But the year is not yet over, and neither is the activity in the market, with the Big Food Group today announcing that it had written to all the shareholders in symbol store group Londis offering them nearly double the amount proposed by Ireland's Musgrave group, owner of the Budgens chain.
Under the Big Food Group proposal, Londis retail shareholders would receive a total consideration of £39.7 million, compared to £19.8 million from Musgrave. While BFG's total offer price is almost identical to that of Musgrave (£40.3 million compared to £40 million) the difference is that the Londis management would get just £0.6 million as part of the BFG deal, compared to a whopping £20.2 million under the Musgrave proposal.
BFG, which owns the Iceland supermarket chain and the Booker cash & carry business, has responded to a rising tide of criticism from many Londis store owners, complaining that they would see little of the benefits from a takeover by Musgrave while the company's management lined their own pockets.
But there is more than simple opportunism to the BFG bid. The Londis business model - independently-owned stores all trading under the same banner and supplied by a central purchasing and logistics operation - has been highly successful, and BFG has in fact adopted a similar approach over the last few years with its own Premier fascia - a network of independent stores supplied by the Booker business.
BFG has long made it known that its aim is to build up Premier into one of the top three symbol groups in the UK, and the acquisition of Londis would certainly propel it rapidly up the rankings. The acquisition of Londis - the second largest symbol group in the UK after Spar - would add around £500 million in sales to the group, BFG said.

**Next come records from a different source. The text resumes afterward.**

(* A skew-symmetric graph: finite digraph (parallel arcs allowed), arc a goes
   from [tail a] to [head a]; [sigV]/[sigE] is the map sigma on V and on E. *)
Record skew_graph := SkewGraph {
  sg_V : finType;
  sg_E : finType;
  tail : sg_E -> sg_V;
  head : sg_E -> sg_V;
  sigV : sg_V -> sg_V;
  sigE : sg_E -> sg_E;
  sigV_invol : forall v, sigV (sigV v) = v;
  sigE_invol : forall a, sigE (sigE a) = a;
  sigV_nofix : forall v, sigV v != v;
  sigE_nofix : forall a, sigE a != a;
  tail_sigE : forall a, tail (sigE a) = sigV (head a);
  head_sigE : forall a, head (sigE a) = sigV (tail a)
}.

Section Defs.
Variable G : skew_graph.
Local Notation V := (sg_V G).
Local Notation E := (sg_E G).

Definition symmetric_fun (h : E -> nat) : Prop := forall a, h (sigE a) = h a.

(* A flow (integer-valued, hence nat-valued since nonnegative) in the
   network (G, sigma, u, s) with sink s' = sigV s. *)
Definition is_flow (u : E -> nat) (s : V) (f : E -> nat) : Prop :=
  (forall a, f a <= u a) /\
  (forall x : V, x != s -> x != sigV s ->
     \sum_(a | tail a == x) f a = \sum_(a | head a == x) f a).

Definition is_ISflow (u : E -> nat) (s : V) (f : E -> nat) : Prop :=
  is_flow u s f /\ symmetric_fun f.

Fixpoint walk (x : V) (P : seq E) : bool :=
  match P with
  | [::] => true
  | a :: P' => (tail a == x) && walk (head a) P'
  end.

Definition simple_path (x y : V) (P : seq E) : bool :=
  [&& walk x P, last x (map (@head G) P) == y & uniq (x :: map (@head G) P)].

Definition simple_cycle (P : seq E) : bool :=
  match P with
  | [::] => false
  | a :: _ => [&& walk (tail a) P, last (tail a) (map (@head G) P) == tail a
                 & uniq (map (@head G) P)]
  end.

Definition sig_path (P : seq E) : seq E := rev (map (@sigE G) P).

Definition chi (P : seq E) (a : E) : nat := (a \in P).

Definition elementary_flow (u : E -> nat) (s : V) (g : E -> nat) : Prop :=
  exists (delta : nat) (P : seq E),
    0 < delta /\
    (simple_cycle P \/ simple_path s (sigV s) P \/ simple_path (sigV s) s P) /\
    (forall a, g a = delta * chi P a + delta * chi (sig_path P) a) /\
    is_ISflow u s g.

End Defs.

From Pilot Require Import Defs.
From mathcomp Require Import all_boot.
From mathcomp Require Import zify.
Set Implicit Arguments. Unset Strict Implicit. Unset Printing Implicit Defensive.

(* Write the IS-flow f as f = h + h o sigma with h an integer flow that need not
   be symmetric: h is f/2 rounded down, plus 1 on one arc of each pair {a, sigma a}
   of odd arcs.  Which arc gets the extra unit is read off an Eulerian orientation
   of the multigraph on the pairs {v, sigma v} whose edges are these pairs of odd
   arcs; conservation of f makes every degree there even, except at {s, s'}.
   Then decompose h greedily: a positive arc of h lies on a cycle or on an s-s'
   or s'-s path P of positive arcs, and subtracting d chi^P, with d the least
   value of h on P, empties an arc of the support of h while removing the
   elementary flow d chi^P + d chi^P' from f.  Equal elementary flows are finally
   merged into their sum, which is again elementary since it is at most f <= u. *)

Section EulerOrientation.
Variables (T : eqType) (L : finType) (S : pred T).
Implicit Types (A : {set L}) (x y : L -> T) (o : L -> bool).

Definition orient x y o l := if o l then x l else y l.

Definition degree A x y v := \sum_(l in A) ((x l == v) + (y l == v)).

Definition balanced A x y :=
  forall v, ~~ S v -> \sum_(l in A) (x l == v) = \sum_(l in A) (y l == v).

Definition even_degrees A x y := forall v, ~~ S v -> ~~ odd (degree A x y v).

Lemma degree_orient A x y o v : degree A (orient x y o) (orient y x o) v = degree A x y v.
Proof. by apply: eq_bigr => l _; rewrite /orient; case: (o l); rewrite // addnC. Qed.

Lemma orient_orient x y o1 o2 l :
  orient (orient x y o1) (orient y x o1) o2 l = orient x y (fun k => o1 k == o2 k) l.
Proof. by rewrite /orient; case: (o1 l); case: (o2 l). Qed.

Lemma balanced_orient_orient A x y o1 :
  (exists o, balanced A (orient (orient x y o1) (orient y x o1) o)
                        (orient (orient y x o1) (orient x y o1) o)) ->
  exists o, balanced A (orient x y o) (orient y x o).
Proof.
case=> o bal; exists (fun l => o1 l == o l) => v Sv; have := bal v Sv.
by congr (_ = _); apply: eq_bigr => l _; rewrite orient_orient.
Qed.

Lemma balanced_setD1_neutral A x y o l0 : l0 \in A ->
  (forall v, ~~ S v -> (x l0 == v) = (y l0 == v)) ->
  balanced (A :\ l0) (orient x y o) (orient y x o) ->
  balanced A (orient x y o) (orient y x o).
Proof.
move=> l0A neutral bal v Sv.
by rewrite !(big_setD1 l0 l0A) /= bal // /orient; case: (o l0); rewrite neutral.
Qed.

Lemma even_degrees_setD1_neutral A x y l0 : l0 \in A ->
  (forall v, ~~ S v -> (x l0 == v) = (y l0 == v)) ->
  even_degrees A x y -> even_degrees (A :\ l0) x y.
Proof.
move=> l0A neutral even v Sv; have := even v Sv.
by rewrite /degree (big_setD1 l0 l0A) /= neutral // addnn oddD odd_double.
Qed.

(* Two edges [l0 = (w, y0)] and [l1 = (w, y1)] sharing the endpoint [w] are
   replaced by the single edge [(y1, y0)], stored at [l0]. *)
Section Contraction.
Variables (A : {set L}) (x y : L -> T) (l0 l1 : L).
Hypotheses (l0A : l0 \in A) (l1A : l1 \in A) (l10 : l1 != l0) (x10 : x l1 = x l0).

Bill Grimsey, CEO of the Big Food Group, said that its bid would "fairly reward the retailers who have worked hard to build Londis. If our offer proceeds, Londis retailers can double the money they get for their shares whilst benefiting from being part of the Big Food Group. We strongly urge them to reject the Musgrave offer that gives £20.2 million to just four members of the Londis management team."
In the letter send to each Londis shareholder, Grimsey said that the Londis management had tried to prevent BFG from making a counter offer, which was why he was writing to store owners directly. "Your management has tried to discourage us from making any offer by pointing out that their option rights give them 51 per cent of the company on an acquisition and that they can therefore block any offer for the company," the letter read.
"However, we believe if the Londis shareholders and the wider business community make clear their views on tactics of this sort, your management will ultimately co-operate."
Grimsey added that the BFG would prove to be an excellent partner for the Londis retailers. "Our leading presence in the UK wholesale market provides us with an even larger combined buying power than Musgrave supporting £5.5 billion of sales, an equivalent product range and further advantages in chilled and frozen products."
But this is not a transaction which is likely to be completed quickly, said Bryan Roberts, analysts at M+M Planet Retail.
"There are clear benefits available to BFG through an acquisition of Londis, particularly as its Booker division is aiming to become one of the three largest symbol groups in the UK grocery sector through its Premier affiliated retailer programme," Roberts told FoodandDrinkEurope.com
."Booker has stated that it is planning 2,000 affiliated stores by the end of 2004/05, and a potential deal with Londis would be a fast-track means of attaining this target."
"There is, however, mounting competition for Londis, with the Musgrave approach already well underway and Nisa-Today's thought to be fundraising for a counter-bid, so it seems that a prolonged auction might not be out of the question. If it boils down to who has the deepest pockets, The Big Food Group could well triumph, but I suspect there may be a few more twists and turns before this episode reaches a conclusion."